TASK INSTRUCTIONS: Transcribe exactly, and only, the lines from the one containing "Unset Strict Implicit." through the end of the material.
-=-=-=-=-
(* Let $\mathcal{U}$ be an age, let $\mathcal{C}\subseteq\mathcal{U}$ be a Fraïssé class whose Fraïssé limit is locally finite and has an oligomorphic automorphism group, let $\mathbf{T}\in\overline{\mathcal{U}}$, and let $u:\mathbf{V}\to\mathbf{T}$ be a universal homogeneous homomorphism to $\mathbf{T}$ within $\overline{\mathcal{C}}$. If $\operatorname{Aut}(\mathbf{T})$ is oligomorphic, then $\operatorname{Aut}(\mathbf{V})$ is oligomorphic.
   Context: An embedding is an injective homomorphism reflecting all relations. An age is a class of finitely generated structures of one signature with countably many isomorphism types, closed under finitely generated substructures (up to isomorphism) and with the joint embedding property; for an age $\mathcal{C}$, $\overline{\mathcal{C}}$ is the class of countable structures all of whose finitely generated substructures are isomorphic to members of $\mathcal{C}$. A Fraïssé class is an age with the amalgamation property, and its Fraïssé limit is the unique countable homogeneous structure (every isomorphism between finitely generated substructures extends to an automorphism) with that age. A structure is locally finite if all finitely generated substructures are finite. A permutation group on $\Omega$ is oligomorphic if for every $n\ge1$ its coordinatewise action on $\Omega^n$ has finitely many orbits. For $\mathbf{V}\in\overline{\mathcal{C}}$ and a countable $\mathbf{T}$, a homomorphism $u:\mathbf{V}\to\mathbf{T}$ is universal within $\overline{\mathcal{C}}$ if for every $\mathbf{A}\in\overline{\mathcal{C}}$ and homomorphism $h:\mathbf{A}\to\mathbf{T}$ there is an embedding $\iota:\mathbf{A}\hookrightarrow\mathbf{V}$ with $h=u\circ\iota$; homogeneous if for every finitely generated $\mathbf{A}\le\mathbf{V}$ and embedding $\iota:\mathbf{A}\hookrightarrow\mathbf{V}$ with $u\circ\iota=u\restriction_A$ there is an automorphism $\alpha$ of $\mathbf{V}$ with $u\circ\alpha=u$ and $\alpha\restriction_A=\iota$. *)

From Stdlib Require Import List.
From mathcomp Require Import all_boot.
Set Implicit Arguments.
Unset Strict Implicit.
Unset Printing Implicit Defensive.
-=-=-=-=-
THE COMPLETED TASK:
Unset Strict Implicit.
Unset Printing Implicit Defensive.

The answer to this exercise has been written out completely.